Figure 2: Receiver operating characteristic curve (red line) for differential neutrophil count
is shown. The area under the curve is 0.932
Figure 3: Receiver operating characteristic curve (red line) for random blood sugar is shown
with area under the curve of 0.837
Table 1: Odds ratio of various regressors with univariate analysis
Table 2: Confusion matrix
Discussion
The outbreak of the novel COVID-19 forces the medical fraternity around the world
to discover the many unfamiliar facets of the disease. The risk factors of mortality
is one of the important dimensions of the clinical research.

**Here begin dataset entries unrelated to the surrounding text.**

Lemma orbit_quandle_cyc (n_gt0 : (0 < n)%N) : miso (orbit_quandle M n) Q.
Proof.
have HM := rack_permrack_mprod (cyc n) HQ.
have snd_root a : (punidx (froot thetaM a)).2 = (punidx a).2.
  by apply/esym/eqP; rewrite -fconnect_cyc connect_root.
pose h (a : orbit_reps M n) := (punidx (val a)).2.
have rep q : orbit_rep M n (froot thetaM (pidx (Ordinal n_gt0, q))).
  by rewrite orbit_rep_root // forder_cyc.
pose g q := exist (orbit_rep M n) _ (rep q).
have hg q : h (g q) = q by rewrite /h /= snd_root pidxK.
apply: (miso_magma_of_l (h := h)).
  by exists g => // a; apply: (orbit_reps_fconnect HM); rewrite fconnect_cyc; apply/eqP; exact: hg.
by move=> a b; rewrite /h orbit_opE // snd_root mop_mprod pidxK.
Qed.

End CycleTimesQuandle.

Lemma perm_invariant_set n (p : {perm 'I_n}) (A : {set 'I_n}) :
  (forall x, x \in A -> p x \in A) -> [set p x | x in A] = A.
Proof.
move=> pA; apply/eqP; rewrite eqEcard card_imset ?leqnn ?andbT; last exact: perm_inj.
by apply/subsetP => _ /imsetP [x Ax ->]; apply: pA.
Qed.

Section InvariantSubset.
Variables (X : permset) (A : {set 'I_(tag X)}).
Hypothesis A_inv : forall x, x \in A -> tagged X x \in A.
Local Notation T := {x : 'I_(tag X) | x \in A}.

Definition restr_fun (x : T) : T := exist (fun y => y \in A) _ (A_inv (valP x)).

Lemma restr_fun_inj : injective restr_fun.
Proof. by move=> x y /(congr1 val) /= /perm_inj /val_inj. Qed.

Lemma restr_enum_inj :
  injective (fun i : 'I_#|{: T}| => enum_rank (perm restr_fun_inj (enum_val i))).
Proof. by move=> i j /enum_rank_inj /perm_inj /enum_val_inj. Qed.

Definition restr_permset : permset := existT _ #|{: T}| (perm restr_enum_inj).

Lemma restr_permset_embeds : pembeds_onto restr_permset A.
Proof.
exists (fun i => val (enum_val i)); split; first by move=> i j /val_inj /enum_val_inj.
split; last by move=> a; rewrite /= permE enum_rankK permE.
apply/setP => x; apply/imsetP/idP => [[i _ ->]|Ax]; first exact: valP.
by exists (enum_rank (exist (fun y => y \in A) x Ax)); rewrite ?enum_rankK.
Qed.

Lemma card_restr_permset : tag restr_permset = #|A|.
Proof. by rewrite /= card_sig; apply: eq_card => x; rewrite inE. Qed.

End InvariantSubset.

Lemma eqB_empty_permset (X : permset) : tag X = 0%N -> eqB PermRel [:: (1, X)] [::].
Proof.
move=> X0; have none (x : 'I_(tag X)) : False by case: x => m; rewrite X0.
have sets_eq (A B : {set 'I_(tag X)}) : A = B by apply/setP => x; case: (none x).
apply: eqB_null_rel; right; exists X, X, X; split=> //.
exists set0, set0; split; [exact: sets_eq.. | by apply/pred0P => x; case: (none x) |].
by split; [exact: sets_eq | split; exists id; do !split=> //; apply: sets_eq].
Qed.

Section CycleOfPoint.
Variables (X : permset) (x0 : 'I_(tag X)).
Local Notation pi := (tagged X).
Local Notation n := (forder pi x0).

Definition orbit_set : {set 'I_(tag X)} := [set y | fconnect pi x0 y].

Lemma iter_mod_order m : iter (m %% n)%N pi x0 = iter m pi x0.
Proof.
have iter_mul k : iter (k * n)%N pi x0 = x0.
  by elim: k => // k IH; rewrite mulSn iterD IH iter_order //; exact: perm_inj.
by rewrite {2}(divn_eq m n) addnC iterD iter_mul.
Qed.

The risk factors also
direct the health authorities to utilize medical infrastructure and human resource
optimally to reduce the number of deaths during the epidemic. The present study showed
that differential neutrophil count and RBS have significant contribution as indicators
of mortality in COVID.19 patients. The above two hematologic parameters have 70% validation
accuracy in predicting the outcome. Ruan et al. suggested age, the underlying diseases, and increased inflammatory indicators as
mortality indicators.[[8]] They showed significant differences in white blood cell counts, absolute lymphocyte
counts, PLTs, albumin, total bilirubin, blood urea nitrogen, blood creatinine, myoglobin,
cardiac troponin, C-reactive protein (CRP), and interleukin-6 in death and recovered
groups. In the present study, differential lymphocyte count is highly negatively correlated
with differential neutrophil count [Supplementary Table 3]. Green in a retrospective
study of 150 COVID-19 patients found significant differences in ferritin and interleukin-6
levels between nonsurvivors and survivors, suggesting that the cause of mortality
may be hyperinflammation due to viral infection.[[9]] Tan et al. retrospect the time course reports of complete blood count of dead and
recovered cases. They suggest time lymphocyte (%) model as the prognostic factor of
disease severity. The disease severity is proportional to decrease in lymphocyte count
across timeline.[[10]] Zhou et al. carried out a multivariable regression analysis and found increasing
odds of in-hospital death associated with older age (OR 1.10, 95% confidence interval
1.03–1.17, per year increase; P = 0.0043), higher Sequential Organ Failure Assessment
score (5.65, 2.61-12.23; P < 0.0001), and d-dimer >1 μg/mL (18.42, 2.64–128.55; P
= 0.0033) on hospital admission.[[11]] Du et al. identified four risk factors including age ≥65 years, cardiovascular
comorbidity, CD3 + CD8 + T cells ≤75 cell/μL, and cardiac troponin I levels ≥0.05
ng/mL as predictors of mortality. They specifically mentioned the last two factors
are more specific.[[12]] Gupta et al. reported preventive measures for patients with diabetes and mentioned
diabetes as an important risk factor for mortality in patients with other influenza
epidemics. The present study also mentioned RBS as an important predictor of mortality
risk.[[13]] Singh reported that ACE-2 receptors are expressed on pancreatic islets and infection
with SARS-CoV-1 cause hyperglycemia in people without existing diabetes mellitus.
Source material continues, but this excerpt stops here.